▸ **THE PROBLEM**
No line before the one containing "int_s^t E[(L f)(Y" is to be output; retype exactly that line and all lines that follow it to the end of the records.
*** Opening RECORDS SHOWN ***
(* Let $(X(t),T(t))_{t\ge0}$ be the joint KMP–temperature process described in the context, with arbitrary initial condition $(X(0),T(0))\in\mathbb R_+^{\overline{\mathbb V}}\times\mathbb R_+^{\overline{\mathbb V}}$ satisfying $T_j(0)=T_j$ for all $j\in\partial\mathbb V$, and define $\zeta_i(t):=X_i(t)T_i(t)$ for $i\in\overline{\mathbb V}$. Then the marginal process $X(t)$ is a Markov process with generator $L^\zeta$ with boundary temperatures identically equal to $1$ (i.e. $T_j=1$ for all $j\in\partial\mathbb V$ in the definition of $L^\zeta$), and the process $\zeta(t)$ is a Markov process with generator $L^\zeta$ with boundary temperatures $T_{\partial\mathbb V}=(T_j)_{j\in\partial\mathbb V}$; that is, both are boundary driven KMP processes.
   Context: Graph: $(\overline{\mathbb V},\overline E)$ is a finite oriented graph; $\overline{\mathbb V}=\mathbb V\cup\partial\mathbb V$ (disjoint; internal and boundary vertices). There is at most one edge between any pair of vertices and if $ij\in\overline E$ then $ji\notin\overline E$. $E$ is the set of edges with both endpoints in $\mathbb V$, $\partial E$ the set of edges with one endpoint in $\partial\mathbb V$; there are no edges between two boundary vertices, and every boundary edge is written $ij$ with $i\in\mathbb V$, $j\in\partial\mathbb V$. $\overline E=E\cup\partial E$. Each $j\in\partial\mathbb V$ carries a fixed temperature $T_j>0$. KMP process with boundary temperatures $T_{\partial\mathbb V}$: Markov process on $\mathbb R_+^{\overline{\mathbb V}}$ with generator $L^\zeta f(\zeta)=\sum_{ij\in E}\int_0^1du\,[f(H^\zeta_{ij;u}\zeta)-f(\zeta)]+\sum_{ij\in\partial E}\int_0^1du\int_0^\infty db\,e^{-b}[f(H^\zeta_{ij;u,b}\zeta)-f(\zeta)]$, where $(H^\zeta_{ij;u}\zeta)_i=u(\zeta_i+\zeta_j)$, $(H^\zeta_{ij;u}\zeta)_j=(1-u)(\zeta_i+\zeta_j)$, $(H^\zeta_{ij;u,b}\zeta)_i=u(\zeta_i+\zeta_j)$, $(H^\zeta_{ij;u,b}\zeta)_j=bT_j$, and all other coordinates unchanged. Joint KMP–temperature process $(X,T)$ on $\mathbb R_+^{\overline{\mathbb V}}\times\mathbb R_+^{\overline{\mathbb V}}$: generator $L^{X,T}f(X,T)=\sum_{ij\in E}\int_0^1du\,[f(H_{i,j;u}(X,T))-f(X,T)]+\sum_{ij\in\partial E}\int_0^\infty db\,e^{-b}\int_0^1du\,[f(H_{i,j;b,u}(X,T))-f(X,T)]$, where, writing $\bar T:=\frac{X_i}{X_i+X_j}T_i+\frac{X_j}{X_i+X_j}T_j$: $H_{i,j;u}$ sets $(X_i,T_i)\to(u(X_i+X_j),\bar T)$, $(X_j,T_j)\to((1-u)(X_i+X_j),\bar T)$ and leaves other coordinates unchanged; $H_{i,j;b,u}$ (for $j\in\partial\mathbb V$) sets $(X_i,T_i)\to(u(X_i+X_j),\bar T)$, $(X_j,T_j)\to(b,T_j)$ and leaves other coordinates unchanged. In particular $T_j(t)=T_j$ for all $t$ and all $j\in\partial\mathbb V$. *)

From HB Require Import structures.
From mathcomp Require Import all_boot all_order all_algebra.
From mathcomp Require Import all_classical all_reals all_analysis.
Set Implicit Arguments. Unset Strict Implicit. Unset Printing Implicit Defensive.
Import Order.TTheory GRing.Theory Num.Theory.
Import numFieldNormedType.Exports.
Local Open Scope classical_set_scope.
Local Open Scope ring_scope.

Section Defs.
Variable R : realType.

(* ---------- Graph ----------
   V : finite type of all vertices (= \overline{V}); bnd : boundary vertices;
   E : oriented edge relation on \overline{V}.  Standing assumptions:
   ij edge -> ji not an edge (this also excludes loops), and every edge ij has
   an internal tail i (so no boundary-boundary edges, and boundary edges are
   oriented internal -> boundary). *)
Definition kmp_graph (V : finType) (bnd : pred V) (E : rel V) : Prop :=
  (forall i j, E i j -> ~~ E j i) /\ (forall i j, E i j -> ~~ bnd i).

Definition int01 (h : R -> R) : R :=
  \int[@lebesgue_measure R]_(u in [set u : R | 0 <= u <= 1]) h u.
Definition intpos (h : R -> R) : R :=
  \int[@lebesgue_measure R]_(b in [set b : R | 0 <= b]) h b.

Definition upd_bulk (V : finType) (z : V -> R) (i j : V) (u : R) : V -> R :=
  fun k => if k == i then u * (z i + z j)
           else if k == j then (1 - u) * (z i + z j) else z k.

Definition upd_bnd (V : finType) (Tb : V -> R) (z : V -> R) (i j : V) (u b : R)
  : V -> R :=
  fun k => if k == i then u * (z i + z j)
           else if k == j then b * Tb j else z k.

(* L^zeta with boundary temperatures Tb (only the values Tb j, j boundary, matter) *)
Definition LKMP (V : finType) (bnd : pred V) (E : rel V) (Tb : V -> R)
  (f : (V -> R) -> R) (z : V -> R) : R :=
  \sum_(p : V * V | E p.1 p.2 && ~~ bnd p.2)
      int01 (fun u => f (upd_bulk z p.1 p.2 u) - f z)
  + \sum_(p : V * V | E p.1 p.2 && bnd p.2)
      int01 (fun u => intpos (fun b =>
        expR (- b) * (f (upd_bnd Tb z p.1 p.2 u b) - f z))).

Definition Tbar (V : finType) (x t : V -> R) (i j : V) : R :=
  x i / (x i + x j) * t i + x j / (x i + x j) * t j.

Definition updXT_bulk (V : finType) (s : (V -> R) * (V -> R)) (i j : V) (u : R)
  : (V -> R) * (V -> R) :=
  let x := s.1 in let t := s.2 in
  (fun k => if k == i then u * (x i + x j)
            else if k == j then (1 - u) * (x i + x j) else x k,
   fun k => if (k == i) || (k == j) then Tbar x t i j else t k).

Definition updXT_bnd (V : finType) (s : (V -> R) * (V -> R)) (i j : V) (b u : R)
  : (V -> R) * (V -> R) :=
  let x := s.1 in let t := s.2 in
  (fun k => if k == i then u * (x i + x j)
            else if k == j then b else x k,
   fun k => if k == i then Tbar x t i j else t k).

Definition LXT (V : finType) (bnd : pred V) (E : rel V)
  (f : (V -> R) * (V -> R) -> R) (s : (V -> R) * (V -> R)) : R :=
  \sum_(p : V * V | E p.1 p.2 && ~~ bnd p.2)
      int01 (fun u => f (updXT_bulk s p.1 p.2 u) - f s)
  + \sum_(p : V * V | E p.1 p.2 && bnd p.2)
      intpos (fun b => expR (- b) *
        int01 (fun u => f (updXT_bnd s p.1 p.2 b u) - f s)).

Definition coord_sigma (I S : Type) (c : I -> S -> R) : set (set S) :=
  <<s \bigcup_(i in [set: I]) preimage_set_system [set: S] (c i) measurable >>.

Definition state_sigma (V : finType) : set (set (V -> R)) :=
  coord_sigma (fun (k : V) (z : V -> R) => z k).

Definition joint_sigma (V : finType) : set (set ((V -> R) * (V -> R))) :=
  coord_sigma (fun (k : V + V) (s : (V -> R) * (V -> R)) =>
                 match k with inl k => s.1 k | inr k => s.2 k end).

Definition nonneg_state (V : finType) : set (V -> R) :=
  [set z | forall k, 0 <= z k].
Definition nonneg_joint (V : finType) : set ((V -> R) * (V -> R)) :=
  [set s | (forall k, 0 <= s.1 k) /\ (forall k, 0 <= s.2 k)].

Definition bmeas (S : Type) (MS : set (set S)) (f : S -> R) : Prop :=
  (exists M : R, forall x, `|f x| <= M) /\
  (forall B : set R, measurable B -> MS (f @^-1` B)).

(* ---------- Markov process with generator L ----------
   Y is a Markov process with state space Sspace (sigma-algebra MS) and
   generator L on the probability space (Omega, P), in the sense of the
   (Stroock-Varadhan / Ethier-Kurtz) martingale problem w.r.t. the natural
   filtration of Y: each Y t is a random variable with values in Sspace, and
   for all bounded measurable f, all 0 <= s_1,...,s_n <= s <= t and all bounded
   measurable g_1,...,g_n,
     E[(f(Y t) - f(Y s)) prod_k g_k(Y s_k)]
        = int_s^t E[(L f)(Y r) prod_k g_k(Y s_k)] dr,
   i.e. f(Y t) - f(Y 0) - int_0^t (L f)(Y r) dr is a martingale. *)
Definition markov_gen d (Omega : measurableType d) (P : probability Omega R)
  (S : Type) (MS : set (set S)) (Sspace : set S)
  (L : (S -> R) -> S -> R) (Y : R -> Omega -> S) : Prop :=
  (forall t, 0 <= t -> forall A, MS A -> measurable (Y t @^-1` A)) /\
  (forall t w, 0 <= t -> Sspace (Y t w)) /\
  (forall f, bmeas MS f ->
   forall (n : nat) (sk : 'I_n -> R) (g : 'I_n -> S -> R),
   (forall k, bmeas MS (g k)) ->
   forall s t, (forall k, 0 <= sk k <= s) -> 0 <= s -> s <= t ->
   \int[P]_w ((f (Y t w) - f (Y s w)) * \prod_(k < n) g k (Y (sk k) w))
   = \int[@lebesgue_measure R]_(r in [set r : R | s <= r <= t])
       (\int[P]_w (L f (Y r w) * \prod_(k < n) g k (Y (sk k) w)))).

End Defs.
*** Closing RECORDS SHOWN ***
▸ **SOLVED EXERCISE**
        = int_s^t E[(L f)(Y r) prod_k g_k(Y s_k)] dr,
   i.e. f(Y t) - f(Y 0) - int_0^t (L f)(Y r) dr is a martingale. *)
Definition markov_gen d (Omega : measurableType d) (P : probability Omega R)
  (S : Type) (MS : set (set S)) (Sspace : set S)
  (L : (S -> R) -> S -> R) (Y : R -> Omega -> S) : Prop :=
  (forall t, 0 <= t -> forall A, MS A -> measurable (Y t @^-1` A)) /\
  (forall t w, 0 <= t -> Sspace (Y t w)) /\
  (forall f, bmeas MS f ->
   forall (n : nat) (sk : 'I_n -> R) (g : 'I_n -> S -> R),
   (forall k, bmeas MS (g k)) ->
   forall s t, (forall k, 0 <= sk k <= s) -> 0 <= s -> s <= t ->
   \int[P]_w ((f (Y t w) - f (Y s w)) * \prod_(k < n) g k (Y (sk k) w))
   = \int[@lebesgue_measure R]_(r in [set r : R | s <= r <= t])
       (\int[P]_w (L f (Y r w) * \prod_(k < n) g k (Y (sk k) w)))).

End Defs.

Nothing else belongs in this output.